Tu prends ton téléphone pour appeler ton frère. Dans ta famille, c’est Mathieu qui t’a toujours le mieux compris. Il faisait toujours attention à toi quand vous étiez petits et vous êtes toujours proches aujourd’hui, même si vous ne vous voyez pas souvent. Tu appelles sur son portable, et il décroche au bout de deux sonneries.
« Hey frérot, content que tu appelles ! Comment ça va ? », te demande-t-il d’une voie enjouée.
Tu lui parles de ta situation. À ta grande surprise, Mathieu te dit avoir remarqué ton comportement depuis un moment, mais il ne savait pas comment aborder le sujet. Il préférait te laisser suffisamment d’espace pour que tu puisses trouver tes propres réponses, sans te mettre une pression supplémentaire comme le font vos parents.
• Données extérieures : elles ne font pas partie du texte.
Lemma Ile_I01_Ikk1 k : Ile I01 (Ikk1 k).
Proof. by unfold_Idx; split; lia. Qed.

Section PointwiseDiscrete.
Variables (I : eqType) (T : choiceType).
Local Notation F := {ptws I -> discrete_topology T}.

Definition cyl (f : I -> T) (s : seq I) : set (I -> T) :=
  [set g | forall i, i \in s -> g i = f i].

Lemma ptws_discrete_nbhs (f : F) (B : set F) :
  nbhs f B -> exists s : seq I, cyl f s `<=` B.
Proof.
pose G := filter_from [set: seq I] (cyl f).
have FG : Filter G.
  apply: filter_from_filter; first by exists [::].
  move=> s1 s2 _ _; exists (s1 ++ s2) => // g Hg.
  by split => i Hi; apply: Hg; rewrite mem_cat Hi ?orbT.
suff : G --> f by move=> /(_ B) H /H [s _ Hs]; exists s.
apply/(@cvg_sup _ _ _ G f FG) => i U Uf.
have : nbhs (f : initial_topology (fun g : I -> discrete_topology T => g i)) U := Uf.
rewrite nbhsE => -[V [[W oW <-] Wf] VU]; exists [:: i] => // g Hg; apply: VU => /=.
rewrite (Hg i (mem_head _ _)).
by move: oW; rewrite openE => /(_ _ Wf); rewrite /interior nbhs_principalE => /principal_filterP.
Qed.

Lemma ptws_discrete_open_coord (i : I) (c : T) : open ([set g | g i = c] : set F).
Proof.
have proj_i : continuous (fun g : F => g i) := @proj_continuous I (fun _ => discrete_topology T) i.
apply: (proj1 (continuousP _) proj_i [set c]).
by rewrite openE => x /= ->; rewrite /interior nbhs_principalE; apply/principal_filterP.
Qed.

Lemma subspace_ptws_discrete_nbhs (S : set F) (t : S) (U : set S) :
  nbhs t U -> exists s : seq I, [set u : S | cyl (val t) s (val u)] `<=` U.
Proof.
rewrite nbhsE => -[V [[W oW <-] Wt] VU].
have [s Hs] : exists s, cyl (val t) s `<=` W by apply: ptws_discrete_nbhs; rewrite nbhsE; exists W.
by exists s => u Hu; apply: VU; exact: Hs.
Qed.

Lemma subspace_ptws_discrete_open_coord (S : set F) (i : I) (c : T) :
  open [set u : S | val u i = c].
Proof. by exists [set g | g i = c]; first exact: ptws_discrete_open_coord. Qed.

End PointwiseDiscrete.

Lemma subshift_prefix_closed (A : finType) (X : set (nat -> A)) (y : nat -> A) :
  subshift X -> (forall m, exists x, X x /\ forall n, (n < m)%N -> x n = y n) -> X y.
Proof.
move=> [closedX _] Hy; apply: closedX => B /= /(@ptws_discrete_nbhs nat A y B) [s Hs].
have [x [Xx Hxy]] := Hy (\max_(i <- s) i.+1)%N.
exists x; split => //; apply: Hs => i Hi; apply: Hxy.
exact: (@leq_bigmax_seq nat s xpredT (fun i => i.+1) i Hi isT).
Qed.

Section ProjectiveLimit.
Variables (A : finType) (X : set (nat -> A)).
Hypotheses (subshiftX : subshift X) (shiftX : shift @` X = X).
Implicit Types (x y z w : nat -> A) (mu nu : seq A) (i j : Idx) (f g : Famspace A).
Local Notation ke := (kl_equiv X).
Local Notation Xt := (Xtilde X).

Lemma subshift_shift x : X x -> X (shift x).
Proof. by move=> Xx; case: subshiftX => _; apply; exists x. Qed.

Lemma subshift_iter n x : X x -> X (iter n shift x).
Proof. by elim: n => //= n IH Xx; apply/subshift_shift/IH. Qed.

Lemma subshift_preimage_letter x : X x -> exists a, X (catw [:: a] x).
Proof.
by rewrite -{1}shiftX => -[z Xz <-]; exists (z 0%N); rewrite catw_head_shift.
Qed.

Lemma subshift_preimage_word d x : X x -> exists nu, size nu = d /\ X (catw nu x).
Proof.
move=> Xx; elim: d => [|d [nu [<- Xnux]]]; first by exists [::]; rewrite catw_nil.
have [a Xanux] := subshift_preimage_letter Xnux.
by exists (a :: nu); rewrite catw_cat in Xanux.
Qed.

(* A word of length l allowed before sigma^k x extends, by a preimage word on
   the left and the window x_[k,k') on the right, to one allowed before sigma^k' x. *)
Lemma Pl_iter_sub k k' l l' x y :
  (k <= k')%N -> (forall n, (k <= n < k')%N -> x n = y n) -> (l + (k' - k) <= l')%N ->
  Pl X l' (iter k' shift x) = Pl X l' (iter k' shift y) ->
  Pl X l (iter k shift x) `<=` Pl X l (iter k shift y).
Proof.
move=> le_kk' agree_xy le_ll' EP mu [_ [size_mu Xmux]].
set w := [seq x (k + m)%N | m <- iota 0 (k' - k)].
have Ew : w = [seq y (k + m)%N | m <- iota 0 (k' - k)].
  by apply/eq_in_map => m; rewrite mem_iota add0n => /andP [_ Hm]; apply: agree_xy; lia.
have [nu [size_nu Xnu]] := subshift_preimage_word (l' - l - (k' - k)) Xmux.
have : Pl X l' (iter k' shift x) (nu ++ mu ++ w).
  have Xx : X (catw (nu ++ mu ++ w) (iter k' shift x)).
    by rewrite -!catw_cat catw_window_iter_shift.
  split; first exact: lang_catw Xx.
  by split => //; rewrite !size_cat size_nu size_mu size_map size_iota; lia.
rewrite EP => -[_ [_]]; rewrite Ew -!catw_cat catw_window_iter_shift // => Xy.
split; [exact: lang_catw Xmux|split => //].
by have := subshift_iter (size nu) Xy; rewrite iter_shift_catw.
Qed.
Vous restez un long moment au téléphone. Mathieu sait t’écouter et détendre l’atmosphère avec une petite blague, sans te donner l’impression de se moquer de toi ou de ne pas te prendre au sérieux.
« Il faut que je t’avoue un truc. Je vois une psychiatre depuis quelques semaines…
– C’est une bonne chose, frérot. Tu as raison de demander de l’aide. On est là pour toi bien sûr, mais je pense qu’un médecin saura mieux t’accompagner. Est-ce que ça te fait du bien ?
– C’est dur à dire… C’est encore assez nouveau. En tout cas, je ne vais pas plus mal.
– Et tu t’ouvres comme jamais. Je suis fier de toi. »
Mathieu te rassure en te disant que tu peux l’appeler quand tu as besoin d’évacuer le trop-plein. Après avoir raccroché, tu te rends compte que cette conversation t’a fait beaucoup de bien. Tu te sens un peu moins seul de savoir que tu as en Mathieu un allié pour lutter contre la maladie.